PROBLEM DESCRIPTION:
Below are some records. Print exactly the lines between the one holding "Lemma tsubeps_teps_add i" and the one holding "Implicit Types (k", inclusive, and nothing else.

GIVEN ENTRIES:
(* Let $F$ be a field of characteristic zero and $n,m$ natural numbers. If an ideal $I$ of $W(n,m)$ contains $\partial_i$ for some $1\le i\le n+m$, then $I=W(n,m)$.
   Context: $W(n,m)$ has basis $e^{\alpha}x^{\beta}\partial_i$ ($\alpha\in\mathbb Z^n$, $\beta\in\mathbb Z^{n+m}$, $1\le i\le n+m$), realized as vector fields $f\partial_i$ with $f$ in the commutative algebra with basis $e^{\alpha}x^{\beta}$ (multiplication adding exponents), $\partial_i(e^{\alpha}x^{\beta})=a_ie^{\alpha}x^{\beta}+b_ie^{\alpha}x^{\beta-\epsilon_i}$ with $a_i:=0$ for $i>n$, and bracket $[f\partial_i,g\partial_j]=f\partial_i(g)\partial_j-g\partial_j(f)\partial_i$; $\partial_i$ denotes the basis element $e^{0}x^{0}\partial_i$. *)

From HB Require Import structures.
From mathcomp Require Import all_boot all_order all_algebra.
From mathcomp Require Import finmap.
From mathcomp.multinomials Require Import monalg.
Set Implicit Arguments. Unset Strict Implicit. Unset Printing Implicit Defensive.
Import Order.TTheory GRing.Theory Num.Theory.
Local Open Scope ring_scope.

(* The Lie algebra W(n,m) over a field F.
   A basis index (alpha, beta, i) stands for e^alpha x^beta \partial_i with
   alpha in Z^n, beta in Z^(n+m), i in {1..n+m} (here 0-based: i : 'I_(n+m)). *)
Definition Widx (n m : nat) : choiceType :=
  (n.-tuple int * (n + m).-tuple int * 'I_(n + m))%type.

Definition W (F : fieldType) (n m : nat) := {malg F[Widx n m]}.

Definition tadd k (a b : k.-tuple int) : k.-tuple int :=
  [tuple tnth a j + tnth b j | j < k].

Definition tsubeps k (b : k.-tuple int) (i : 'I_k) : k.-tuple int :=
  [tuple tnth b j - (j == i)%:Z | j < k].

(* a_i(alpha): the i-th coordinate of alpha when i < n (0-based), 0 otherwise *)
Definition acoef n (a : n.-tuple int) (i : nat) : int := nth 0%Z (val a) i.

Definition Wb (F : fieldType) n m (k : Widx n m) : W F n m := << k >>.

(* bracket of basis elements:
   [e^a x^b d_i, e^c x^d d_j]
     = c_i e^(a+c) x^(b+d) d_j + d_i e^(a+c) x^(b+d-eps_i) d_j
       - a_j e^(a+c) x^(b+d) d_i - b_j e^(a+c) x^(b+d-eps_j) d_i *)
Definition brB (F : fieldType) n m (k l : Widx n m) : W F n m :=
  let: (a, b, i) := k in
  let: (c, d, j) := l in
  let ac := tadd a c in
  let bd := tadd b d in
    (acoef c i)%:~R *: Wb F (ac, bd, j)
  + (tnth d i)%:~R *: Wb F (ac, tsubeps bd i, j)
  - (acoef a j)%:~R *: Wb F (ac, bd, i)
  - (tnth b j)%:~R *: Wb F (ac, tsubeps bd j, i).

Definition Wbr (F : fieldType) n m (u v : W F n m) : W F n m :=
  \sum_(k <- msupp u) \sum_(l <- msupp v) (u@_k * v@_l) *: brB F k l.

Definition Wd (F : fieldType) n m (i : 'I_(n + m)) : W F n m :=
  Wb F ([tuple 0%Z | _ < n], [tuple 0%Z | _ < n + m], i).

Definition is_ideal (F : fieldType) n m (I : W F n m -> Prop) : Prop :=
  [/\ I 0,
      (forall x y, I x -> I y -> I (x + y)),
      (forall (c : F) x, I x -> I (c *: x)) &
      (forall x y, I y -> I (Wbr x y))].

From mathcomp Require Import all_boot all_order all_algebra.
From mathcomp Require Import finmap.
From mathcomp.multinomials Require Import monalg.
Set Implicit Arguments. Unset Strict Implicit. Unset Printing Implicit Defensive.
Import GRing.Theory.
Local Open Scope ring_scope.

(* Write x_i for the i-th polynomial variable.  From [d_i, x_i^2 d_i] = 2 x_i d_i
   the ideal contains x_i d_i.  For a basis element u = e^c x^d d_j, putting
   u' = e^c x^(d + eps_i) d_j, one computes
     [d_i, u'] - [x_i d_i, u] = (1 + delta_ij) u,
   so every basis element lies in the ideal, as 2 is invertible in F. *)

Definition tzero k : k.-tuple int := [tuple 0%Z | _ < k].

Definition teps k (i : 'I_k) : k.-tuple int := [tuple (j == i)%:Z | j < k].

Section Tuples.

Variable k : nat.
Implicit Types (a b : k.-tuple int) (i : 'I_k).

Lemma taddC a b : tadd a b = tadd b a.
Proof. by apply: eq_from_tnth => j; rewrite !tnth_mktuple addrC. Qed.

Lemma tadd0l a : tadd (tzero k) a = a.
Proof. by apply: eq_from_tnth => j; rewrite !tnth_mktuple add0r. Qed.

Lemma tnth_tzero i : tnth (tzero k) i = 0%Z.
Proof. by rewrite tnth_mktuple. Qed.

Lemma tnth_teps i j : tnth (teps i) j = (j == i)%:Z.
Proof. by rewrite tnth_mktuple. Qed.

Lemma acoef_tzero j : acoef (tzero k) j = 0%Z.
Proof.
rewrite /acoef; case: (ltnP j k) => [ltjk|lekj]; last by rewrite nth_default ?size_tuple.
by rewrite -(tnth_nth 0%Z (tzero k) (Ordinal ltjk)) tnth_tzero.
Qed.

Lemma tsubeps_teps_add i b : tsubeps (tadd (teps i) b) i = b.
Proof.
by apply: eq_from_tnth => j; rewrite !tnth_mktuple [_ + tnth b j]addrC addrK.
Qed.

Lemma tnth_teps_add i b : tnth (tadd (teps i) b) i = tnth b i + 1.
Proof. by rewrite tnth_mktuple tnth_teps eqxx addrC. Qed.

End Tuples.

Section MonomialAlgebra.

Variables (F : fieldType) (K : choiceType).

Lemma malgU_scale (k : K) (c : F) : << c *g k >> = c *: (<< k >> : {malg F[K]}).
Proof. by apply/malgP => k'; rewrite mcoeffZ !mcoeffU mulr_natr. Qed.

Lemma big_msuppU (V : nmodType) (k : K) (f : K -> V) :
  \sum_(x <- msupp (<< k >> : {malg F[K]})) f x = f k.
Proof. by rewrite msuppU oner_eq0 big_seq_fset1. Qed.

End MonomialAlgebra.

(* The brackets below are simplified through these abstract identities and after
   generalizing [Wb F]: rewriting directly in {malg F[K]} lets failed matches
   unfold monoid-algebra elements, which does not terminate in practice. *)
Lemma opprB_sum4 (V : zmodType) (x y z u : V) : z + u - x - y = - (x + y - z - u).
Proof. by rewrite !opprB opprD -!addrA addrCA. Qed.

Lemma scaler_addD1_sub (R : pzRingType) (V : lmodType R) (a e : R) (x y : V) :
  x + (a + 1) *: y - (x + a *: y - e *: y) = (e + 1) *: y.
Proof. by rewrite opprB !scalerDl scale1r [x + _]addrA [LHS]addrC subrKA. Qed.

Section Bracket.

Variables (F : fieldType) (n m : nat).
Implicit Types (k l : Widx n m) (i j : 'I_(n + m)).

Lemma Wbr_Wb k l : Wbr (Wb F k) (Wb F l) = brB F k l.
Proof. by rewrite /Wbr !big_msuppU /Wb !mcoeffUU mulr1 scale1r. Qed.

Lemma brBC k l : brB F l k = - brB F k l.
Proof.
case: k => [[a b] i]; case: l => [[c d] j] /=.
by rewrite (taddC a c) (taddC b d); apply: opprB_sum4.
Qed.

Lemma brB_partial i c d j :
  brB F (tzero n, tzero (n + m), i) (c, tadd (teps i) d, j) =
  (acoef c i)%:~R *: Wb F (c, tadd (teps i) d, j) + (tnth d i + 1)%:~R *: Wb F (c, d, j).
Proof.
rewrite /= !tadd0l acoef_tzero tnth_tzero tsubeps_teps_add tnth_teps_add !mulr0z.
by move: (Wb F) => w; rewrite !scale0r !subr0.
Qed.

Lemma brB_xpartial i c d j :
  brB F (tzero n, teps i, i) (c, d, j) =
  (acoef c i)%:~R *: Wb F (c, tadd (teps i) d, j) + (tnth d i)%:~R *: Wb F (c, d, j)
   - (j == i)%:R *: Wb F (c, d, j).
Proof.
rewrite /= !tadd0l acoef_tzero tnth_teps mulr0z.
case: (eqVneq j i) => [->|_]; rewrite ?tsubeps_teps_add;
  by move: (Wb F) => w; rewrite ?scale0r ?subr0.
Qed.

Lemma brB_partial_x2partial i :
  brB F (tzero n, tzero (n + m), i) (tzero n, tadd (teps i) (teps i), i) =
  2%:R *: Wb F (tzero n, teps i, i).
Proof.
rewrite brB_partial acoef_tzero tnth_teps eqxx.
by move: (Wb F) => w; rewrite scale0r add0r.
Qed.

Lemma brB_partial_sub_xpartial i c d j :
  brB F (tzero n, tzero (n + m), i) (c, tadd (teps i) d, j)
  - brB F (tzero n, teps i, i) (c, d, j) = ((j == i)%:R + 1) *: Wb F (c, d, j).
Proof.
by rewrite brB_partial brB_xpartial intrD mulr1z; apply: scaler_addD1_sub.
Qed.

End Bracket.

Section Ideal.

Variables (F : fieldType) (n m : nat) (I : W F n m -> Prop).
Hypothesis idealI : is_ideal I.

Lemma ideal_sub x y : I x -> I y -> I (x - y).
Proof.
case: idealI => _ ID IZ _ Ix Iy.
by apply: ID => //; rewrite -scaleN1r; apply: IZ.
Qed.

Lemma ideal_scaleK (c : F) x : c != 0 -> I (c *: x) -> I x.
Proof.
case: idealI => _ _ IZ _ c0 /(IZ c^-1).
by rewrite scalerA mulVf // scale1r.
Qed.

Lemma ideal_brBr l : I (Wb F l) -> forall k, I (brB F k l).
Proof. by case: idealI => _ _ _ IBr /IBr Ibr k; rewrite -Wbr_Wb. Qed.

Lemma ideal_brBl k : I (Wb F k) -> forall l, I (brB F k l).
Proof.
move=> /ideal_brBr Ibr l; move: (Ibr l); rewrite brBC => INbr.
by apply: (@ideal_scaleK (-1)); rewrite ?oppr_eq0 ?oner_eq0 // scaleN1r.
Qed.

Lemma ideal_full_of_basis : (forall k, I (Wb F k)) -> forall x, I x.
Proof.
case: idealI => I0 ID IZ _ Ib x; rewrite (monalgE x).
by apply: big_ind => // k _; rewrite malgU_scale; apply/IZ/Ib.
Qed.

End Ideal.

Theorem lemma2 (F : fieldType) (n m : nat) (charF0 : [pchar F] =i pred0)
  (I : W F n m -> Prop) (HI : is_ideal I) (i : 'I_(n + m)) (Hi : I (Wd F i)) :
  forall x : W F n m, I x.
Proof.
have two_neq0 : (2%:R : F) != 0 by rewrite natf_neq0_pchar pnatE // inE /= charF0.
have Id : I (Wb F (tzero n, tzero (n + m), i)) := Hi.
have Ixd : I (Wb F (tzero n, teps i, i)).
  apply: (ideal_scaleK HI two_neq0); rewrite -brB_partial_x2partial.
  exact: (ideal_brBl HI Id _).
apply: (ideal_full_of_basis HI) => -[[c d] j].
have coef_neq0 : ((j == i)%:R + 1 : F) != 0.
  by case: (j == i); [exact: two_neq0 | rewrite add0r oner_eq0].
apply: (ideal_scaleK HI coef_neq0); rewrite -brB_partial_sub_xpartial.
apply: (ideal_sub HI); [exact: (ideal_brBl HI Id _) | exact: (ideal_brBl HI Ixd _)].
Qed.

EXERCISE RESPONSE:
Lemma tsubeps_teps_add i b : tsubeps (tadd (teps i) b) i = b.
Proof.
by apply: eq_from_tnth => j; rewrite !tnth_mktuple [_ + tnth b j]addrC addrK.
Qed.

Lemma tnth_teps_add i b : tnth (tadd (teps i) b) i = tnth b i + 1.
Proof. by rewrite tnth_mktuple tnth_teps eqxx addrC. Qed.

End Tuples.

Section MonomialAlgebra.

Variables (F : fieldType) (K : choiceType).

Lemma malgU_scale (k : K) (c : F) : << c *g k >> = c *: (<< k >> : {malg F[K]}).
Proof. by apply/malgP => k'; rewrite mcoeffZ !mcoeffU mulr_natr. Qed.

Lemma big_msuppU (V : nmodType) (k : K) (f : K -> V) :
  \sum_(x <- msupp (<< k >> : {malg F[K]})) f x = f k.
Proof. by rewrite msuppU oner_eq0 big_seq_fset1. Qed.

End MonomialAlgebra.

(* The brackets below are simplified through these abstract identities and after
   generalizing [Wb F]: rewriting directly in {malg F[K]} lets failed matches
   unfold monoid-algebra elements, which does not terminate in practice. *)
Lemma opprB_sum4 (V : zmodType) (x y z u : V) : z + u - x - y = - (x + y - z - u).
Proof. by rewrite !opprB opprD -!addrA addrCA. Qed.

Lemma scaler_addD1_sub (R : pzRingType) (V : lmodType R) (a e : R) (x y : V) :
  x + (a + 1) *: y - (x + a *: y - e *: y) = (e + 1) *: y.
Proof. by rewrite opprB !scalerDl scale1r [x + _]addrA [LHS]addrC subrKA. Qed.

Section Bracket.

Variables (F : fieldType) (n m : nat).
Implicit Types (k l : Widx n m) (i j : 'I_(n + m)).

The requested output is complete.